DIRECTIONS FOR THIS TASK
Print verbatim the opening line of the material and every subsequent line through the one containing "(forall A B, P".

THE RECORDS
(* Let $(X_{1,\infty},f_{1,\infty},\mu_{1,\infty})$ be a metric nonautonomous dynamical system. For $\mathcal{P}_{1,\infty},\mathcal{Q}_{1,\infty}\in\mathcal{E}_{\max}$ let \[ d_R(\mathcal{P}_{1,\infty},\mathcal{Q}_{1,\infty})=\sup_{n\ge1}H_{\mu_n}(\mathcal{P}_n|\mathcal{Q}_n)+\sup_{n\ge1}H_{\mu_n}(\mathcal{Q}_n|\mathcal{P}_n). \] Then $d_R$ is a metric on $\mathcal{E}_{\max}$ and the function $\mathcal{P}_{1,\infty}\mapsto h(f_{1,\infty};\mathcal{P}_{1,\infty})$ is Lipschitz continuous with Lipschitz constant $1$ on $(\mathcal{E}_{\max},d_R)$.
   Context: A metric NDS consists of probability spaces $(X_n,\mathcal{A}_n,\mu_n)$ and measurable maps $f_n:X_n\to X_{n+1}$ with $f_n\mu_n=\mu_{n+1}$. $f_1^n=f_n\circ\cdots\circ f_1$, $f_1^{-n}$ = preimage under $f_1^n$. $H_\mu(\mathcal{P})=-\sum_P\mu(P)\log\mu(P)$; conditional entropy $H_\mu(\mathcal{P}|\mathcal{Q})=-\sum_{Q}\mu(Q)\sum_P\mu(P|Q)\log\mu(P|Q)$ with $\mu(P|Q)=\mu(P\cap Q)/\mu(Q)$. $h(f_{1,\infty};\mathcal{P}_{1,\infty})=\limsup_n\frac1nH_{\mu_1}(\bigvee_{i=0}^{n-1}f_1^{-i}\mathcal{P}_{i+1})$. $\mathcal{E}_{\max}$ is the class of all sequences $\{\mathcal{P}_n\}$ of finite measurable partitions of $X_n$ with $\sup_n\#\mathcal{P}_n<\infty$. *)

From HB Require Import structures.
From mathcomp Require Import all_boot all_order all_algebra.
From mathcomp Require Import all_classical all_reals all_analysis.
Set Implicit Arguments. Unset Strict Implicit. Unset Printing Implicit Defensive.
Import Order.TTheory GRing.Theory Num.Theory.
Local Open Scope classical_set_scope.
Local Open Scope ring_scope.

Section Entropy.
Variables (R : realType) (d : measure_display) (T : measurableType d).

Definition xlogx (x : R) : R := if x == 0 then 0 else x * ln x.

(* finite measurable partition (finiteness is imposed in Emax) *)
Definition is_meas_partition (P : set (set T)) : Prop :=
  (forall A, P A -> measurable A) /\
  (forall A B, P A -> P B -> A <> B -> A `&` B = set0) /\
  (forall x, exists A, P A /\ A x).

Variable mu : probability T R.

Definition entropy (P : set (set T)) : R :=
  - \sum_(A \in P) xlogx (fine (mu A)).

Definition cond_prob (A B : set T) : R := fine (mu (A `&` B)) / fine (mu B).

Definition cond_entropy (P Q : set (set T)) : R :=
  - \sum_(B \in Q) (fine (mu B) * \sum_(A \in P) xlogx (cond_prob A B)).

Definition refines_mod0 (P Q : set (set T)) : Prop :=
  forall B, Q B -> exists A, P A /\ mu (B `\` A) = 0%E.

Definition equiv_mod0 (P Q : set (set T)) : Prop :=
  refines_mod0 P Q /\ refines_mod0 Q P.
End Entropy.

Definition pre_part (S T : Type) (g : S -> T) (P : set (set T)) : set (set S) :=
  [set g @^-1` A | A in P].

Definition join_part (T : Type) (P Q : set (set T)) : set (set T) :=
  [set C | exists A B, P A /\ Q B /\ C = A `&` B].

(* f_1^n : X_1 -> X_{n+1}  (0-indexed: fiter f n : X 0 -> X n) *)
Fixpoint fiter (X : nat -> Type) (f : forall n, X n -> X n.+1) (n : nat)
  : X 0 -> X n :=
  match n return X 0 -> X n with
  | 0 => id
  | k.+1 => f k \o fiter f k
  end.

Fixpoint dyn_join (X : nat -> Type) (f : forall n, X n -> X n.+1)
  (P : forall n, set (set (X n))) (n : nat) : set (set (X 0)) :=
  match n with
  | 0 => [set setT]
  | k.+1 => join_part (dyn_join f P k) (pre_part (fiter f k) (P k))
  end.

Section NDS.
Variables (R : realType) (d : nat -> measure_display)
  (X : forall n, measurableType (d n)) (mu : forall n, probability (X n) R)
  (f : forall n, X n -> X n.+1).

Definition Emax (P : forall n, set (set (X n))) : Prop :=
  (forall n, is_meas_partition (P n)) /\
  exists N : nat, forall n, (P n #<= `I_N)%card.

Definition dR (P Q : forall n, set (set (X n))) : R :=
  sup (range (fun n => cond_entropy (mu n) (P n) (Q n))) +
  sup (range (fun n => cond_entropy (mu n) (Q n) (P n))).

Definition nds_entropy (P : forall n, set (set (X n))) : \bar R :=
  limn_esup (fun n => ((n%:R)^-1 * entropy (mu 0) (dyn_join f P n))%:E).
End NDS.

(* Write H(P|Q) as the double sum over B in Q, A in P of x ln (y / x) with
   x = mu(A n B) and y = mu(B).  This summand is superadditive in (x, y) (the
   log-sum inequality), so refining the conditioning partition can only lower
   H(P|Q); with the chain rule H(P v Q|S) = H(Q|S) + H(P|Q v S) this yields the
   triangle inequality for H(.|.), hence for d_R, and H(P|Q) = 0 exactly when Q
   refines P modulo null sets.  For the entropy, subadditivity and invariance of
   H(.|.) under measure-preserving pullbacks give
   H(P^n) <= H(Q^n) + H(P^n|Q^n) <= H(Q^n) + n sup_k H(P_k|Q_k)
   for the joins P^n, Q^n of the first n pulled-back partitions; dividing by n
   and taking the limsup gives h(P) <= h(Q) + sup_k H(P_k|Q_k), and the bound on
   the number of cells keeps h finite. *)

From HB Require Import structures.
From mathcomp Require Import all_boot all_order all_algebra.
From mathcomp Require Import all_classical all_reals all_analysis.
From mathcomp Require Import ring lra.
Import Order.TTheory GRing.Theory Num.Theory.
Local Open Scope classical_set_scope.
Local Open Scope ring_scope.

Set Implicit Arguments. Unset Strict Implicit. Unset Printing Implicit Defensive.

Section EntropyTerm.
Variable R : realType.
Implicit Types a b x y : R.

(* The summand of [cond_entropy]: a cell of mass [x] inside a conditioning
   cell of mass [y] contributes [x ln (y / x)]. *)
Definition ent_term x y : R := - (y * xlogx (x / y)).

Lemma xlogxE x : xlogx x = x * ln x.
Proof. by rewrite /xlogx; case: eqP => [->|]; rewrite ?mul0r. Qed.

Lemma mul_lnB_le a b : 0 < a -> 0 < b -> a * (ln b - ln a) <= b - a.
Proof.
move=> a0 b0; have ba0 := divr_gt0 b0 a0.
have lnba : ln b - ln a <= b / a - 1.
  rewrite -ln_div ?posrE //.
  by have := @le_ln1Dx R (b / a - 1); rewrite (addrC 1) subrK; apply; lra.
apply: le_trans (ler_wpM2l (ltW a0) lnba) _.
by rewrite mulrBr mulr1 mulrCA divff ?gt_eqF // mulr1.
Qed.

Lemma ent_termE x y : 0 <= x <= y -> ent_term x y = x * (ln y - ln x).
Proof.
case/andP=> x0 xy; rewrite /ent_term xlogxE.
have [->|xn0] := eqVneq x 0; first by rewrite !(mul0r, mulr0, oppr0).
have xp : 0 < x by rewrite lt_def xn0.
have yp : 0 < y := lt_le_trans xp xy.
by rewrite ln_div ?posrE // mulrA mulrCA divff ?gt_eqF // mulr1 -mulrN opprB.
Qed.

Lemma ent_term0 y : ent_term 0 y = 0.
Proof. by rewrite /ent_term mul0r xlogxE mul0r mulr0 oppr0. Qed.

Lemma ent_term_ge0 x y : 0 <= x <= y -> 0 <= ent_term x y.
Proof.
move=> /[dup] /ent_termE -> /andP[x0 xy].
have [->|xn0] := eqVneq x 0; first by rewrite mul0r.
have xp : 0 < x by rewrite lt_def xn0.
by rewrite mulr_ge0 // subr_ge0 ler_ln ?posrE // (lt_le_trans xp xy).
Qed.

Lemma ent_term_le x y : 0 <= x <= y -> ent_term x y <= y.
Proof.
move=> /[dup] /ent_termE -> /andP[x0 xy].
have [x_0|xn0] := eqVneq x 0; first by rewrite x_0 mul0r -x_0.
have xp : 0 < x by rewrite lt_def xn0.
by apply: le_trans (mul_lnB_le xp (lt_le_trans xp xy)) _; rewrite gerBl.
Qed.

Lemma ent_term_eq0 x y : 0 < x -> x <= y -> ent_term x y = 0 -> x = y.
Proof.
move=> xp xy; rewrite ent_termE ?(ltW xp) ?xy // => /eqP.
rewrite mulf_eq0 gt_eqF //= subr_eq0 => /eqP e; apply/eqP; rewrite eq_le xy /=.
by rewrite -ler_ln ?posrE ?e // (lt_le_trans xp xy).
Qed.

Lemma ent_term_homo x y y' : 0 <= x <= y -> y <= y' -> ent_term x y <= ent_term x y'.
Proof.
move=> /[dup] xy0 /andP[x0 xy] yy'.
have xy'0 : 0 <= x <= y' by rewrite x0 (le_trans xy yy').
rewrite !ent_termE //; have [->|xn0] := eqVneq x 0; first by rewrite !mul0r.
have xp : 0 < x by rewrite lt_def xn0.
have yp : 0 < y := lt_le_trans xp xy.
by rewrite ler_wpM2l // lerD2r ler_ln ?posrE // (lt_le_trans yp yy').
Qed.

Lemma ent_termD_le x1 y1 x2 y2 : 0 <= x1 <= y1 -> 0 <= x2 <= y2 ->
  ent_term x1 y1 + ent_term x2 y2 <= ent_term (x1 + x2) (y1 + y2).
Proof.
move=> /[dup] h1 /andP[x10 x1y1] /[dup] h2 /andP[x20 x2y2].
have [->|n1] := eqVneq x1 0.
  by rewrite ent_term0 !add0r (ent_term_homo h2) // lerDr (le_trans x10 x1y1).
have [->|n2] := eqVneq x2 0.
  by rewrite ent_term0 !addr0 (ent_term_homo h1) // lerDl (le_trans x20 x2y2).
have p1 : 0 < x1 by rewrite lt_def n1.
have p2 : 0 < x2 by rewrite lt_def n2.
have q1 : 0 < y1 := lt_le_trans p1 x1y1.
have q2 : 0 < y2 := lt_le_trans p2 x2y2.
set X := x1 + x2; set Y := y1 + y2.
have Xp : 0 < X by rewrite addr_gt0.
have Yp : 0 < Y by rewrite addr_gt0.
have hXY : 0 <= X <= Y by rewrite ltW //= lerD.
(* compare each cell with the rescaled mass [y_i X / Y] *)
have k1 := mul_lnB_le p1 (divr_gt0 (mulr_gt0 q1 Xp) Yp).
have k2 := mul_lnB_le p2 (divr_gt0 (mulr_gt0 q2 Xp) Yp).
rewrite !ln_div ?posrE ?mulr_gt0 // !lnM ?posrE // in k1 k2.
have sum0 : y1 * X / Y - x1 + (y2 * X / Y - x2) = 0.
  by rewrite addrACA -opprD -mulrDl -mulrDl mulrAC divff ?gt_eqF // mul1r subrr.
by rewrite !ent_termE //; move: (lerD k1 k2); rewrite sum0 /X; lra.
Qed.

EXERCISE SOLUTION
(* Let $(X_{1,\infty},f_{1,\infty},\mu_{1,\infty})$ be a metric nonautonomous dynamical system. For $\mathcal{P}_{1,\infty},\mathcal{Q}_{1,\infty}\in\mathcal{E}_{\max}$ let \[ d_R(\mathcal{P}_{1,\infty},\mathcal{Q}_{1,\infty})=\sup_{n\ge1}H_{\mu_n}(\mathcal{P}_n|\mathcal{Q}_n)+\sup_{n\ge1}H_{\mu_n}(\mathcal{Q}_n|\mathcal{P}_n). \] Then $d_R$ is a metric on $\mathcal{E}_{\max}$ and the function $\mathcal{P}_{1,\infty}\mapsto h(f_{1,\infty};\mathcal{P}_{1,\infty})$ is Lipschitz continuous with Lipschitz constant $1$ on $(\mathcal{E}_{\max},d_R)$.
   Context: A metric NDS consists of probability spaces $(X_n,\mathcal{A}_n,\mu_n)$ and measurable maps $f_n:X_n\to X_{n+1}$ with $f_n\mu_n=\mu_{n+1}$. $f_1^n=f_n\circ\cdots\circ f_1$, $f_1^{-n}$ = preimage under $f_1^n$. $H_\mu(\mathcal{P})=-\sum_P\mu(P)\log\mu(P)$; conditional entropy $H_\mu(\mathcal{P}|\mathcal{Q})=-\sum_{Q}\mu(Q)\sum_P\mu(P|Q)\log\mu(P|Q)$ with $\mu(P|Q)=\mu(P\cap Q)/\mu(Q)$. $h(f_{1,\infty};\mathcal{P}_{1,\infty})=\limsup_n\frac1nH_{\mu_1}(\bigvee_{i=0}^{n-1}f_1^{-i}\mathcal{P}_{i+1})$. $\mathcal{E}_{\max}$ is the class of all sequences $\{\mathcal{P}_n\}$ of finite measurable partitions of $X_n$ with $\sup_n\#\mathcal{P}_n<\infty$. *)

From HB Require Import structures.
From mathcomp Require Import all_boot all_order all_algebra.
From mathcomp Require Import all_classical all_reals all_analysis.
Set Implicit Arguments. Unset Strict Implicit. Unset Printing Implicit Defensive.
Import Order.TTheory GRing.Theory Num.Theory.
Local Open Scope classical_set_scope.
Local Open Scope ring_scope.

Section Entropy.
Variables (R : realType) (d : measure_display) (T : measurableType d).

Definition xlogx (x : R) : R := if x == 0 then 0 else x * ln x.

(* finite measurable partition (finiteness is imposed in Emax) *)
Definition is_meas_partition (P : set (set T)) : Prop :=
  (forall A, P A -> measurable A) /\
  (forall A B, P A -> P B -> A <> B -> A `&` B = set0) /\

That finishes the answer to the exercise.